For years, the industry has debated the eventual replacement of human workers by algorithms. Oracle has finally shown us what that looks like without the PR anesthesia. In a single month, Larry Ellison’s tech giant cut 30,000 jobs. There were no face-to-face meetings or exit interviews; instead, termination notices simply landed in inboxes. Despite a $400 billion market cap and its strongest quarterly growth in 15 years, Oracle decided its human experts had become expensive ballast on the road to total automation.
The mechanics of this purge are cynical even by Silicon Valley standards. According to Time, veteran employees—some with 20 to 30 years at the firm—were first asked to "document their workflows," ostensibly to train internal neural networks. Former staff, such as technical writer Jill, report they were essentially hand-feeding their own expertise to the algorithms designed to replace them. Once the knowledge base was full, Oracle reset its loyalty to zero.
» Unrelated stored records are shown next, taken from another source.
(* Bound (2) off Omega_2: the low frequencies see m = 1, so their sum is the
   cube sum T; the top pair nearly cancels, and both the pair and T are
   O(|xi_3|^2 |xi_5|) = O(|xi_3| |xi_4| |xi_5|). *)
Lemma bound_off_Omega2 :
  ~ (sim K (Rabs X1) (Rabs X2) /\ lsim K N (Rabs X2) /\ ll C0 (Rabs X3) N /\
     sim K (Rabs X3) (Rabs X4) /\
     ll C0 (Rabs (X3 ^ 3 + X4 ^ 3 + X5 ^ 3 + X6 ^ 3)) (Rabs (X1 ^ 3 + X2 ^ 3))) ->
  (sim K (Rabs X1) (Rabs X2) /\ lsim K N (Rabs X2) /\ ll C0 (Rabs X3) N /\
   sim K (Rabs X3) (Rabs X4)) ->
  Rabs M6 <= ((32 * C0 * (C1 + 3) + 8) * K) * (Rabs X3 * Rabs X4 * Rabs X5).
Proof.
  intros Hn Hh.
  assert (Hc : ~ ll C0 (Rabs (X3 ^ 3 + X4 ^ 3 + X5 ^ 3 + X6 ^ 3)) (Rabs (X1 ^ 3 + X2 ^ 3)))
    by tauto.
  destruct Hh as [[S12 S21] [L2 [L3 [S34 S43]]]].
  pose proof C0_ge_12. apply not_ll in Hc; [| lra].
  unfold lsim in L2. apply ll_mult in L3; [| lra].
  set (T := X3 ^ 3 + X4 ^ 3 + X5 ^ 3 + X6 ^ 3) in *.
  assert (ET : f X3 + f X4 + f X5 + f X6 = T).
  { unfold T. rewrite !cubic_low; try ring; pose proof (Rabs_pos X3); nra. }
  assert (Key : Rabs (X1 + X2) * Rabs X1 ^ 2 <= 32 * C0 * (Rabs X3 ^ 2 * Rabs X5))
    by (apply top_pair_nearly_cancels; [exact Hc | apply separated_scales; nonneg; nra]).
  set (sg := Rabs (X1 + X2)) in *.
  set (a1 := Rabs X1) in *. set (a3 := Rabs X3) in *. set (a5 := Rabs X5) in *.
  assert (Ha1 : 0 <= a1) by apply Rabs_pos. assert (Ha3 : 0 <= a3) by apply Rabs_pos.
  assert (Ha5 : 0 <= a5) by apply Rabs_pos. assert (Hsg : 0 <= sg) by apply Rabs_pos.
  assert (Pair : Rabs (f X1 + f X2) <= C1 * (a1 ^ 2 * sg)).
  { eapply Rle_trans; [apply pair_cancellation; exact O12 |]. fold a1 sg.
    pose proof (Hm_pos X1). pose proof (Hm_le_1 X1).
    replace (C1 * (a1 ^ 2 * sg)) with (C1 * (a1 ^ 2 * sg) * 1) by ring.
    replace (C1 * (m X1 ^ 2 * a1 ^ 2) * sg) with (C1 * (a1 ^ 2 * sg) * m X1 ^ 2) by ring.
    apply Rmult_le_compat_l; [nonneg | nra]. }
  assert (HT : Rabs T <= (96 * C0 + 8) * (a3 ^ 2 * a5)).
  { pose proof low_cubes_upper as Up. fold sg a3 a5 T in Up.
    assert (a3 ^ 2 * sg <= a1 ^ 2 * sg)
      by (apply Rmult_le_compat_r; [lra | apply pow_incr; lra]).
    lra. }
  assert (Hfin : a3 ^ 2 * a5 <= K * (a3 * Rabs X4 * a5)).
  { replace (a3 ^ 2 * a5) with (a3 * a5 * a3) by ring.
    replace (K * (a3 * Rabs X4 * a5)) with (a3 * a5 * (K * Rabs X4)) by ring.
    apply Rmult_le_compat_l; nonneg. }
  replace M6 with ((f X1 + f X2) + T) by (rewrite <- ET; ring).
  eapply Rle_trans; [apply Rabs_triang |].
  assert (C1 * (a1 ^ 2 * sg) <= C1 * (32 * C0 * (a3 ^ 2 * a5))) by (apply Rmult_le_compat_l; lra).
  assert ((32 * C0 * (C1 + 3) + 8) * (a3 ^ 2 * a5) <=
          (32 * C0 * (C1 + 3) + 8) * (K * (a3 * Rabs X4 * a5)))
    by (apply Rmult_le_compat_l; [nonneg | lra]).
  nra.
Qed.

(* 2 xi_1 = (xi_1+xi_2) + (xi_1+xi_3) + (xi_1+xi_4) + (xi_5+xi_6): if the last
   pair is small, one of the first three pair sums is >= |xi_1|/2. *)
Lemma one_pair_large : Rabs (X5 + X6) <= Rabs X1 / 2 ->
  Rabs X1 / 2 <= Rabs (X1 + X2) \/ Rabs X1 / 2 <= Rabs (X1 + X3) \/
  Rabs X1 / 2 <= Rabs (X1 + X4).
Proof.
  intro Hsmall.
  destruct (Rle_lt_dec (Rabs X1 / 2) (Rabs (X1 + X2))); [left; lra |].
  destruct (Rle_lt_dec (Rabs X1 / 2) (Rabs (X1 + X3))); [right; left; lra |].
  destruct (Rle_lt_dec (Rabs X1 / 2) (Rabs (X1 + X4))); [right; right; lra |].
  exfalso.
  assert (E : 2 * Rabs X1 = Rabs (X1 + X2 + (X1 + X3) + (X1 + X4) + (X5 + X6))).
  { replace (X1 + X2 + (X1 + X3) + (X1 + X4) + (X5 + X6)) with (2 * X1) by lra.
    rewrite Rabs_mult, (Rabs_pos_eq 2); lra. }
  pose proof (Rabs_sum4 (X1 + X2) (X1 + X3) (X1 + X4) (X5 + X6)). lra.
Qed.

(* Off the resonance set of Omega_4 and with |xi_1| >> |xi_5|, the top four
   terms are O(m^2 |xi_1|^2 |xi_5|): pick the large pair, then use the
   four-term cancellation. *)
Lemma top_four_off_resonance :
  8 * Rabs X5 < Rabs X1 ->
  Rabs (X1 + X2) * Rabs (X1 + X3) * Rabs (X1 + X4) < C0 * (Rabs X5 * Rabs X1 ^ 2) ->
  Rabs (f X1 + f X2 + f X3 + f X4) <= C_four * (m X1 ^ 2 * Rabs X1 ^ 2 * Rabs X5).
Proof.
  intros Hsep Hres.
  assert (H56 : Rabs (X5 + X6) <= 2 * Rabs X5) by (pose proof (Rabs_triang X5 X6); lra).
  assert (Ht : Rabs (X1 + X2 + X3 + X4) <= 2 * Rabs X5).
  { replace (X1 + X2 + X3 + X4) with (- (X5 + X6)) by lra. rewrite Rabs_Ropp. exact H56. }
  destruct one_pair_large as [Hbig | [Hbig | Hbig]]; [lra | | |].
  - apply four_term_resonant; lra.
  - replace (f X1 + f X2 + f X3 + f X4) with (f X1 + f X3 + f X2 + f X4) by ring.
    replace (X1 + X2 + X3 + X4) with (X1 + X3 + X2 + X4) in Ht by ring.
    apply four_term_resonant; lra.
  - replace (f X1 + f X2 + f X3 + f X4) with (f X1 + f X4 + f X2 + f X3) by ring.
    replace (X1 + X2 + X3 + X4) with (X1 + X4 + X2 + X3) in Ht by ring.
    apply four_term_resonant; lra.
Qed.

(* Bound (3) off Omega_4 (given |xi_4| >> |xi_5|): the two lowest terms are
   O(m^2 |xi_1|^2 |xi_5|) by size; the top four are either dominated by them
   (third condition fails), crudely bounded (|xi_1| <~ |xi_5|), or handled
   by the resonance bound. *)
Lemma bound_off_Omega4 : ll C0 (Rabs X5) (Rabs X4) ->
  ~ (ll C0 (Rabs X5) (Rabs X4) /\
     ll C0 (Rabs X5 * Rabs X1 ^ 2) (Rabs (X1 + X2) * Rabs (X1 + X3) * Rabs (X1 + X4)) /\
     ll C0 (Rabs (f X5 + f X6)) (Rabs (f X1 + f X2 + f X3 + f X4))) ->
  Rabs M6 <= (16 * C0 + 272 + C_four) * (m X1 ^ 2 * Rabs X1 ^ 2 * Rabs X5).
Proof.
  intros H5 Hn. pose proof C0_ge_12.
  set (B := m X1 ^ 2 * Rabs X1 ^ 2 * Rabs X5).
  set (S4 := f X1 + f X2 + f X3 + f X4).
  assert (HB : 0 <= B) by (unfold B; nonneg).
  assert (HQ : 0 <= C_four) by (unfold C_four; nonneg).
  assert (HQB : 0 <= C_four * B) by (apply Rmult_le_pos; lra).
  assert (HCB : 0 <= C0 * B) by (apply Rmult_le_pos; lra).
  assert (Size : forall x c, Rabs x <= Rabs X1 -> Rabs x <= c * Rabs X5 -> 0 <= c ->
            Rabs (f x) <= 8 * c * B).
  { intros x c Hx Hxc Hc. eapply Rle_trans; [apply (cubic_size x X1 Hx) |].
    rewrite <- (pow2_abs x). pose proof (Rabs_pos x).
    assert (Rabs x * Rabs x <= Rabs X1 * (c * Rabs X5)) by (apply Rmult_le_compat; lra).
    unfold B. replace (8 * c * (m X1 ^ 2 * Rabs X1 ^ 2 * Rabs X5))
      with (8 * m X1 ^ 2 * Rabs X1 * (Rabs X1 * (c * Rabs X5))) by ring.
    apply Rmult_le_compat_l; [nonneg | nra]. }
  pose proof (Size X5 1 ltac:(lra) ltac:(lra) ltac:(lra)) as F5.
  pose proof (Size X6 1 ltac:(lra) ltac:(lra) ltac:(lra)) as F6.
  assert (H56 : Rabs (f X5 + f X6) <= 16 * B) by (pose proof (Rabs_triang (f X5) (f X6)); lra).
  assert (Top : Rabs S4 <= (16 * C0 + 256 + C_four) * B).
  { apply not_and_or in Hn. destruct Hn as [Hn | Hn]; [tauto |].
    apply not_and_or in Hn. destruct Hn as [Hres | Hdom].
    - apply not_ll in Hres; [| lra].
      destruct (Rle_lt_dec (Rabs X1) (8 * Rabs X5)) as [Hnear | Hsep].
      + pose proof (Size X1 8 ltac:(lra) ltac:(lra) ltac:(lra)).
        pose proof (Size X2 8 ltac:(lra) ltac:(lra) ltac:(lra)).
        pose proof (Size X3 8 ltac:(lra) ltac:(lra) ltac:(lra)).
        pose proof (Size X4 8 ltac:(lra) ltac:(lra) ltac:(lra)).
        pose proof (Rabs_sum4 (f X1) (f X2) (f X3) (f X4)) as Hs4. fold S4 in Hs4.
        lra.
      + pose proof (top_four_off_resonance Hsep ltac:(lra)) as Hs4. fold S4 B in Hs4.
        lra.
    - apply not_ll in Hdom; [| lra]. fold S4 in Hdom.
      assert (C0 * Rabs (f X5 + f X6) <= C0 * (16 * B)) by (apply Rmult_le_compat_l; lra).
      lra. }
  replace M6 with (S4 + f X5 + f X6) by (unfold S4; ring).
  pose proof (Rabs_triang (S4 + f X5) (f X6)). pose proof (Rabs_triang S4 (f X5)).
  lra.
Qed.

End Ordered.

Definition C_six : R := (48 * C0 ^ 2 + C1 * C0 + 32) + (32 * C0 * (C1 + 3) + 8) * K
                        + (16 * C0 + 272 + C_four).

Lemma C_six_pos : 0 < C_six.
Proof.
  pose proof C0_ge_12. unfold C_six, C_four.
  assert (0 <= C1 * C0) by nonneg. assert (0 <= (32 * C0 * (C1 + 3) + 8) * K) by nonneg.
  assert (0 <= C0 * C2) by nonneg. nra.
Qed.

Lemma six_frequency_bounds X1 X2 X3 X4 X5 X6 :
  Rabs X2 <= Rabs X1 -> Rabs X3 <= Rabs X2 -> Rabs X4 <= Rabs X3 -> Rabs X5 <= Rabs X4 ->
  Rabs X6 <= Rabs X5 -> X1 + X2 + X3 + X4 + X5 + X6 = 0 ->
  ~ (sim K (Rabs X1) (Rabs X2) /\ lsim K N (Rabs X2) /\ ll C0 (Rabs X3) N /\
     sim K (Rabs X3) (Rabs X4) /\
     ll C0 (Rabs (X3 ^ 3 + X4 ^ 3 + X5 ^ 3 + X6 ^ 3)) (Rabs (X1 ^ 3 + X2 ^ 3))) ->
  ~ (ll C0 (Rabs X3) (Rabs X1) /\ ll C0 (Rabs X3 ^ 2) (Rabs (X1 + X2) * Rabs X1)) ->
  ~ (ll C0 (Rabs X5) (Rabs X4) /\
     ll C0 (Rabs X5 * Rabs X1 ^ 2) (Rabs (X1 + X2) * Rabs (X1 + X3) * Rabs (X1 + X4)) /\
     ll C0 (Rabs (f X5 + f X6)) (Rabs (f X1 + f X2 + f X3 + f X4))) ->
  let M6 := Rabs (f X1 + f X2 + f X3 + f X4 + f X5 + f X6) in
  M6 <= C_six * (m X1 ^ 2 * Rabs X1 * Rabs X3 ^ 2) /\
  ((sim K (Rabs X1) (Rabs X2) /\ lsim K N (Rabs X2) /\ ll C0 (Rabs X3) N /\
    sim K (Rabs X3) (Rabs X4)) -> M6 <= C_six * (Rabs X3 * Rabs X4 * Rabs X5)) /\
  (ll C0 (Rabs X5) (Rabs X4) -> M6 <= C_six * (m X1 ^ 2 * Rabs X1 ^ 2 * Rabs X5)).
Proof.
  intros O12 O23 O34 O45 O56 Hsum Hn2 Hn3 Hn4 M6.
  pose proof C0_ge_12. unfold C_six.
  assert (0 <= C1 * C0) by nonneg. assert (0 <= (32 * C0 * (C1 + 3) + 8) * K) by nonneg.
  assert (0 <= C_four) by (unfold C_four; nonneg).
  assert (Weaken : forall c A B, M6 <= c * A -> 0 <= A -> 0 <= c -> c <= B -> M6 <= B * A)
    by (intros c A B HM HA Hc HcB; pose proof (Rmult_le_compat_r A c B HA HcB); lra).
  split; [| split].
  - eapply Weaken; [apply bound_off_Omega3; auto | nonneg | nonneg | nra].
  - intro Hh. eapply Weaken; [apply bound_off_Omega2; auto | nonneg | nonneg | nra].
  - intro Hh. eapply Weaken; [apply bound_off_Omega4; eauto | nonneg | nonneg | nra].
Qed.

End SixFrequencies.

(* Finite sums as folds over lists, to reindex them by a permutation. *)
Lemma fold_right_Rplus_shift (l : list R) a : fold_right Rplus a l = fold_right Rplus 0 l + a.
Proof. induction l as [| x l IH]; simpl; [ring | rewrite IH; ring]. Qed.

Lemma sumR_as_fold n h : sumR n h = fold_right Rplus 0 (map h (seq 0 n)).
Proof.
  induction n as [| n IH]; [reflexivity |].
  rewrite seq_S, map_app, fold_right_app. simpl. rewrite fold_right_Rplus_shift, IH. ring.
Qed.

Lemma fold_right_Rplus_perm (l l' : list R) :
  Permutation l l' -> fold_right Rplus 0 l = fold_right Rplus 0 l'.
Proof. induction 1; simpl; lra. Qed.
Along with their roles, many lost hundreds of thousands of dollars in unvested stock options that simply vanished.
While Larry Ellison pours billions into data centers and the Stargate project—not expecting a return until 2030—he is minimizing costs in the here and now. Six hundred former employees attempted to appeal to corporate ethics through a collective letter, demanding extended insurance and fair severance. Oracle’s response was characteristically dry: matters would be handled "on an individual basis." For a business pivoting to an AI-agent model, the human being is no longer an asset. As Cynthia Sloane, a former technical writing lead, aptly noted, employees have become nothing more than a "line item on a spreadsheet."
The Oracle case puts an end to the flowery discourse regarding AI "assistants." While industry leaders publicly claim technology will only augment human labor, the reality is far more transactional: if your expertise can be digitized, it will be, and you will be tossed overboard the same day. Instead of the promised human-machine collaboration, the market has opted for efficient staff disposal to radically lower the cost of business processes. It is a clear signal to management everywhere: loyalty is a perishable commodity, especially when an algorithm is cheaper.